**Exercise aim:** Transcribe the data exactly, stopping after the "- if o is in P and l >" line.

Start of Data excerpts

(* Fix r, c, put o = r + c and fix
   a set Z of r indices below o; keep only the sources e_S (x) v_k with
   S meeting [0, o) in Z and k >= c, and only the coordinates e_P (x) u_l with
   l >= r.  Every surviving term e_(l+k) /\ e_S (x) u_l has l + k >= o, so
   P meets [0, o) in Z too: this truncation of psi is a map of the same shape
   on the ground set [o, 2n-1), with n - r indices l and n - c indices k.
   By descending induction on o it is onto, splitting on (P, l):
   - if o is not in P, the sources with k >= c + 1 already suffice;
   - if o is in P and l = r, the row of (P \ o, c) has e_P (x) u_r as its only
     term with l = r, and its other terms fall under the first case;
   - if o is in P and l > r, pass to (r + 1, c, Z + o) and remove from those
     rows their terms with l = r, given by the second case.
   The term (l, k) = (n-1, 0) missing from psi is needed only as the pivot of
   the second case for (P, l) = ([0, n), n-1), and it is the only term that
   could reach e_[0,n) (x) u_(n-1): that coordinate is lost, and no other. *)

Section DeltaSubmx.
Variables (F : fieldType) (m p : nat) (V : 'M[F]_(p, m)).
Local Notation delta j := (delta_mx 0 j : 'rV[F]_m).

Lemma submx_deltas (v : 'rV[F]_m) :
  (forall j, v 0 j != 0 -> (delta j <= V)%MS) -> (v <= V)%MS.
Proof.
move=> vV; rewrite [v]row_sum_delta; apply: summx_sub => j _.
have [->|/vV] := eqVneq (v 0 j) 0; first by rewrite scale0r sub0mx.
exact: scalemx_sub.
Qed.

Lemma delta_submx_pivot (v : 'rV[F]_m) t :
  (v <= V)%MS -> v 0 t != 0 ->
  (forall j, j != t -> v 0 j != 0 -> (delta j <= V)%MS) -> (delta t <= V)%MS.
Proof.
move=> vV vt othersV.
have -> : delta t = (v 0 t)^-1 *: (v - \sum_(j | j != t) v 0 j *: delta j).
  by rewrite [v in v - _]row_sum_delta (bigD1 t) //= addrK scalerA mulVf ?scale1r.
rewrite scalemx_sub // addmx_sub // -scaleN1r scalemx_sub // summx_sub // => j jt.
have [->|/othersV] := eqVneq (v 0 j) 0; first by rewrite scale0r sub0mx.
by move/(_ jt); apply: scalemx_sub.
Qed.

End DeltaSubmx.

Section PsiImage.
Local Open Scope nat_scope.
Variable n : nat.
Local Notation idx := 'I_(2 * n - 1).
Local Notation cod := 'I_#|cod_idx n|.
Local Notation dom := 'I_#|dom_idx n|.
Local Notation delta j := (delta_mx 0%R j : 'rV[algC]_#|cod_idx n|).

Definition below (o : nat) : {set idx} := [set x : idx | x < o].

Lemma in_below o x : (x \in below o) = (x < o).
Proof. by rewrite inE. Qed.

Lemma card_below o : o <= 2 * n - 1 -> #|below o| = o.
Proof.
move=> o_le; have -> : below o = [set widen_ord o_le y | y : 'I_o].
  apply/setP => x; rewrite in_below; apply/idP/imsetP => [x_lt|[y _ ->]] //=.
  by exists (Ordinal x_lt) => //; apply/val_inj.
by rewrite card_imset ?cardsT ?card_ord // => y z /(congr1 val) /= /val_inj.
Qed.

Lemma card_above (X : {set idx}) o : o <= 2 * n - 1 ->
  #|X :\: below o| <= 2 * n - 1 - o.
Proof.
move=> o_le; apply: leq_trans (subset_leq_card (_ : _ \subset ~: below o)) _.
  by apply/subsetP => y; rewrite !inE => /andP[].
by rewrite cardsCs setCK card_ord card_below.
Qed.

Lemma setU1I_below (x : idx) (Z : {set idx}) o :
  x = o :> nat -> Z \subset below o -> (x |: Z) :&: below o = Z.
Proof.
move=> xo /subsetP Zo; apply/setP => y; rewrite !inE.
case: (boolP (y \in Z)) => [/Zo|_]; first by rewrite in_below => ->; rewrite orbT.
by rewrite orbF; case: eqP => [->|]; rewrite ?xo ?ltnn.
Qed.

Lemma setU1I_below_ge (x : idx) (Y : {set idx}) o :
  o <= x -> (x |: Y) :&: below o = Y :&: below o.
Proof.
move=> ox; apply/setP => y; rewrite !inE.
by case: eqP => [->|] //=; rewrite ltnNge ox andbF.
Qed.

Lemma setD1I_below (x : idx) (X : {set idx}) o :
  x = o :> nat -> (X :\ x) :&: below o = X :&: below o.
Proof.
move=> xo; apply/setP => y; rewrite !inE.
by case: eqP => [->|] //=; rewrite xo ltnn !andbF.
Qed.

Lemma setI_belowS (Y : {set idx}) o :
  Y :&: below o.+1 :&: below o = Y :&: below o.
Proof.
rewrite -setIA; congr (_ :&: _).
by apply/setIidPr/subsetP => y; rewrite !in_below => /ltnW.
Qed.

Lemma setI_belowS_mem (x : idx) (X : {set idx}) o :
  x \in X -> x = o :> nat -> X :&: below o.+1 = x |: (X :&: below o).
Proof.
move=> xX xo; apply/setP => y; rewrite !inE ltnS leq_eqVlt.
case: (eqVneq y x) => [->|yx]; first by rewrite xX xo eqxx.
by rewrite -xo val_eqE (negbTE yx).
Qed.

Lemma setI_belowS_nomem (X : {set idx}) o :
  ~~ [exists x in X, x == o :> nat] -> X :&: below o.+1 = X :&: below o.
Proof.
move=> noo; apply/setP => y; rewrite !inE ltnS leq_eqVlt.
case yX: (y \in X) => //=; case: eqP => //= yo.
by case/negP: noo; apply/existsP; exists y; rewrite yX yo eqxx.
Qed.

Lemma setU1D1I_below (x y : idx) (X : {set idx}) o :
  x = o :> nat -> o < y -> (y |: (X :\ x)) :&: below o.+1 = X :&: below o.
Proof.
move=> xo oy; rewrite setU1I_below_ge // setI_belowS_nomem ?setD1I_below //.
apply/negP => /existsP[z /andP[]]; rewrite !inE => /andP[zx _] /eqP zo.
by case/eqP: zx; apply/val_inj; rewrite /= zo xo.
Qed.

Definition tgt_set (j : cod) : {set idx} := val (enum_val j).1.
Definition tgt_u (j : cod) : nat := (enum_val j).2.
Definition src_set (i : dom) : {set idx} := val (enum_val i).1.
Definition src_v (i : dom) : nat := (enum_val i).2.

Lemma card_tgt_set j : #|tgt_set j| = n.
Proof. exact/eqP/(valP (enum_val j).1). Qed.

Lemma tgt_u_lt j : tgt_u j < n.
Proof. exact: ltn_ord. Qed.

Lemma cod_idx_inj j1 j2 :
  tgt_set j1 = tgt_set j2 -> tgt_u j1 = tgt_u j2 -> j1 = j2.
Proof.
move=> eP el; apply: enum_val_inj.
rewrite [enum_val j1]surjective_pairing [enum_val j2]surjective_pairing.
by congr pair; apply: val_inj.
Qed.

Lemma is_exceptionalE j :
  is_exceptional j = (tgt_set j == below n) && (tgt_u j == n.-1).
Proof. by rewrite /is_exceptional /tgt_set /tgt_u; case: (enum_val j). Qed.

Lemma psi_mxE i j : psi_mx n i j =
  psi_coef (src_set i) (enum_val i).2 (tgt_set j) (enum_val j).2.
Proof.
by rewrite mxE /src_set /tgt_set; case: (enum_val i) => ? ?; case: (enum_val j).
Qed.

Lemma psi_mx_supp i j : psi_mx n i j != 0%R ->
  (tgt_u j, src_v i) != (n.-1, 0) /\
  exists x : idx, [/\ x = tgt_u j + src_v i :> nat, x \notin src_set i
                    & tgt_set j = x |: src_set i].
Proof.
rewrite psi_mxE /psi_coef; case: ifP; last by rewrite eqxx.
by case/andP=> excl /existsP[x /and3P[/eqP ? ? /eqP ?]] _; split=> //; exists x.
Qed.

Lemma psi_mx_neq0 i j (x : idx) :
  (tgt_u j, src_v i) != (n.-1, 0) -> x = tgt_u j + src_v i :> nat ->
  x \notin src_set i -> tgt_set j = x |: src_set i -> psi_mx n i j != 0%R.
Proof.
move=> excl xE xS PE; rewrite psi_mxE /psi_coef ifT ?signr_eq0 //.
by rewrite excl; apply/existsP; exists x; rewrite xS PE eqxx !andbT; apply/eqP.
Qed.

Lemma psi_mx_exceptional i j : is_exceptional j -> psi_mx n i j = 0%R.
Proof.
rewrite is_exceptionalE => /andP[/eqP Pe /eqP le]; apply/eqP/negPn/negP.
case/psi_mx_supp => excl [x [xE _ PE]].
have : x \in tgt_set j by rewrite PE setU11.
rewrite Pe in_below xE le; move: excl; rewrite le.
by case: (src_v i) => [|k]; [rewrite eqxx | have := tgt_u_lt j; lia].
Qed.

Definition trunc_row (r : nat) (i : dom) : 'rV[algC]_#|cod_idx n| :=
  \row_j (if r <= tgt_u j then psi_mx n i j else 0%R).

Lemma trunc_rowSE r i j : (trunc_row r.+1 i - trunc_row r i)%R 0%R j =
  if r == tgt_u j then (- psi_mx n i j)%R else 0%R.
Proof. by rewrite !mxE; case: ltngtP; rewrite ?subrr ?sub0r. Qed.

Definition trunc_source r c (Z : {set idx}) (i : dom) :=
  (src_set i :&: below (r + c) == Z) && (c <= src_v i).

Definition trunc_span r c (Z : {set idx}) : 'M[algC]_#|cod_idx n| :=
  (\sum_(i | trunc_source r c Z i) <<trunc_row r i>>)%MS.

Lemma trunc_row_sub r c (Z : {set idx}) i :
  trunc_source r c Z i -> (trunc_row r i <= trunc_span r c Z)%MS.
Proof. by move=> iZ; apply: (sumsmx_sup i) => //; rewrite genmxE. Qed.

Lemma trunc_spanS r c (Z : {set idx}) : Z \subset below (r + c) ->
  (trunc_span r c.+1 Z <= trunc_span r c Z)%MS.
Proof.
move=> Zsub; apply/sumsmx_subP => i /andP[/eqP SZ ck]; rewrite genmxE.
apply: trunc_row_sub; rewrite /trunc_source (ltnW ck) andbT.
by rewrite -(setI_belowS (src_set i)) -addnS SZ; apply/eqP/setIidPl.
Qed.

Lemma trunc_spanSr r c (Z : {set idx}) (x : idx) :
  x = r + c :> nat -> Z \subset below (r + c) ->
  (forall j, tgt_u j = r -> tgt_set j :&: below (r + c) = Z ->
     (delta j <= trunc_span r c Z)%MS) ->
  (trunc_span r.+1 c (x |: Z) <= trunc_span r c Z)%MS.
Proof.
move=> xE Zsub rowr; apply/sumsmx_subP => i /andP[/eqP SZ ck]; rewrite genmxE.
have SZ0 : src_set i :&: below (r + c) = Z.
  by rewrite -(setI_belowS (src_set i)) -addSn SZ setU1I_below.
have -> : trunc_row r.+1 i = (trunc_row r i + (trunc_row r.+1 i - trunc_row r i))%R.
  by rewrite addrC subrK.
rewrite addmx_sub ?trunc_row_sub ?/trunc_source ?SZ0 ?eqxx //.
apply: submx_deltas => j; rewrite trunc_rowSE.
have [lr|_] := eqVneq r (tgt_u j); last by rewrite eqxx.
rewrite oppr_eq0 => /psi_mx_supp[_ [y [yE _ PE]]].
by apply: rowr; rewrite // PE setU1I_below_ge ?SZ0 // yE -lr leq_add2l.
Qed.

Definition trunc_onto r c := forall j,
  (0 < c) || ~~ is_exceptional j ->
  #|tgt_set j :&: below (r + c)| = r -> r <= tgt_u j ->
  (delta j <= trunc_span r c (tgt_set j :&: below (r + c)))%MS.

Lemma trunc_onto_notin r c j : trunc_onto r c.+1 ->
  ~~ [exists x in tgt_set j, x == r + c :> nat] ->
  #|tgt_set j :&: below (r + c)| = r -> r <= tgt_u j ->
  (delta j <= trunc_span r c (tgt_set j :&: below (r + c)))%MS.
Proof.
move=> IH noo Zr rl; have := IH j isT; rewrite addnS (setI_belowS_nomem noo).
by move=> /(_ Zr rl) /submx_trans; apply; rewrite trunc_spanS ?subsetIr.
Qed.

Lemma trunc_onto_pivot r c j (x : idx) : trunc_onto r c.+1 ->
  x \in tgt_set j -> x = r + c :> nat -> tgt_u j = r -> (r, c) != (n.-1, 0) ->
  #|tgt_set j :&: below (r + c)| = r ->
  (delta j <= trunc_span r c (tgt_set j :&: below (r + c)))%MS.
Proof.
move=> IH xP xE lr excl Zr; set X := tgt_set j.
have X_card : #|X| = n := card_tgt_set j.
have c_lt : c < n.
  have := card_above X (ltnW (ltn_ord x)); rewrite xE.
  have := cardsID (below (r + c)) X; rewrite X_card Zr.
  by have := tgt_u_lt j; have := ltn_ord x; lia.
have S_card : #|X :\ x| == n.-1.
  by have := cardsD1 x X; rewrite xP X_card add1n => /(congr1 predn) /= <-.
pose src : dom_idx n := (exist _ (X :\ x) S_card, Ordinal c_lt).
pose i := enum_rank src.
have Si : src_set i = X :\ x by rewrite /src_set enum_rankK.
have ki : src_v i = c by rewrite /src_v enum_rankK.
apply: (delta_submx_pivot (v := trunc_row r i)).
- apply: trunc_row_sub.
  by rewrite /trunc_source Si ki (setD1I_below _ xE) eqxx leqnn.
- by rewrite mxE lr leqnn (psi_mx_neq0 (x := x)) ?lr ?ki ?Si ?setD11 ?setD1K.
move=> j' j'j; rewrite mxE; case: ifP => [rl'|_]; last by rewrite eqxx.
case/psi_mx_supp => _ [y [yE _ PE]]; rewrite Si ki in yE PE.
have l'_gt : r < tgt_u j'.
  rewrite ltn_neqAle rl' andbT; apply: contra j'j => /eqP lr'.
  have yx : y = x by apply/val_inj; rewrite /= yE xE lr'.
  by apply/eqP/cod_idx_inj; rewrite ?PE ?yx ?setD1K // -lr'.
have := IH j' isT; rewrite addnS PE setU1D1I_below ?yE ?ltn_add2r //.
by move=> /(_ Zr rl') /submx_trans; apply; rewrite trunc_spanS ?subsetIr.
Qed.

Lemma trunc_onto_row r c : trunc_onto r c.+1 -> (r, c) != (n.-1, 0) ->
  forall j, tgt_u j = r -> #|tgt_set j :&: below (r + c)| = r ->
  (delta j <= trunc_span r c (tgt_set j :&: below (r + c)))%MS.
Proof.
move=> IH excl j lr Zr.
case: (boolP [exists x in tgt_set j, x == r + c :> nat]) => [|noo].
  by case/existsP=> x /andP[xP /eqP xE]; apply: (trunc_onto_pivot IH xP).
by apply: trunc_onto_notin; rewrite ?lr.
Qed.

Lemma trunc_onto_up r c j (x : idx) :
  trunc_onto r c.+1 -> (r, c) != (n.-1, 0) ->
  x \in tgt_set j -> x = r + c :> nat -> #|tgt_set j :&: below (r + c)| = r ->
  (delta j <= trunc_span r.+1 c (tgt_set j :&: below (r.+1 + c)))%MS ->
  (delta j <= trunc_span r c (tgt_set j :&: below (r + c)))%MS.
Proof.
move=> IH excl xP xE Zr; rewrite addSn (setI_belowS_mem xP xE).
move/submx_trans; apply; apply: trunc_spanSr => // [|j' lr' Z'].
  exact: subsetIr.
by rewrite -Z'; apply: (trunc_onto_row IH excl); rewrite ?Z'.
Qed.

End of Data excerpts

**Exercise answer:**
(* Fix r, c, put o = r + c and fix
   a set Z of r indices below o; keep only the sources e_S (x) v_k with
   S meeting [0, o) in Z and k >= c, and only the coordinates e_P (x) u_l with
   l >= r.  Every surviving term e_(l+k) /\ e_S (x) u_l has l + k >= o, so
   P meets [0, o) in Z too: this truncation of psi is a map of the same shape
   on the ground set [o, 2n-1), with n - r indices l and n - c indices k.
   By descending induction on o it is onto, splitting on (P, l):
   - if o is not in P, the sources with k >= c + 1 already suffice;
   - if o is in P and l = r, the row of (P \ o, c) has e_P (x) u_r as its only
     term with l = r, and its other terms fall under the first case;
   - if o is in P and l > r, pass to (r + 1, c, Z + o) and remove from those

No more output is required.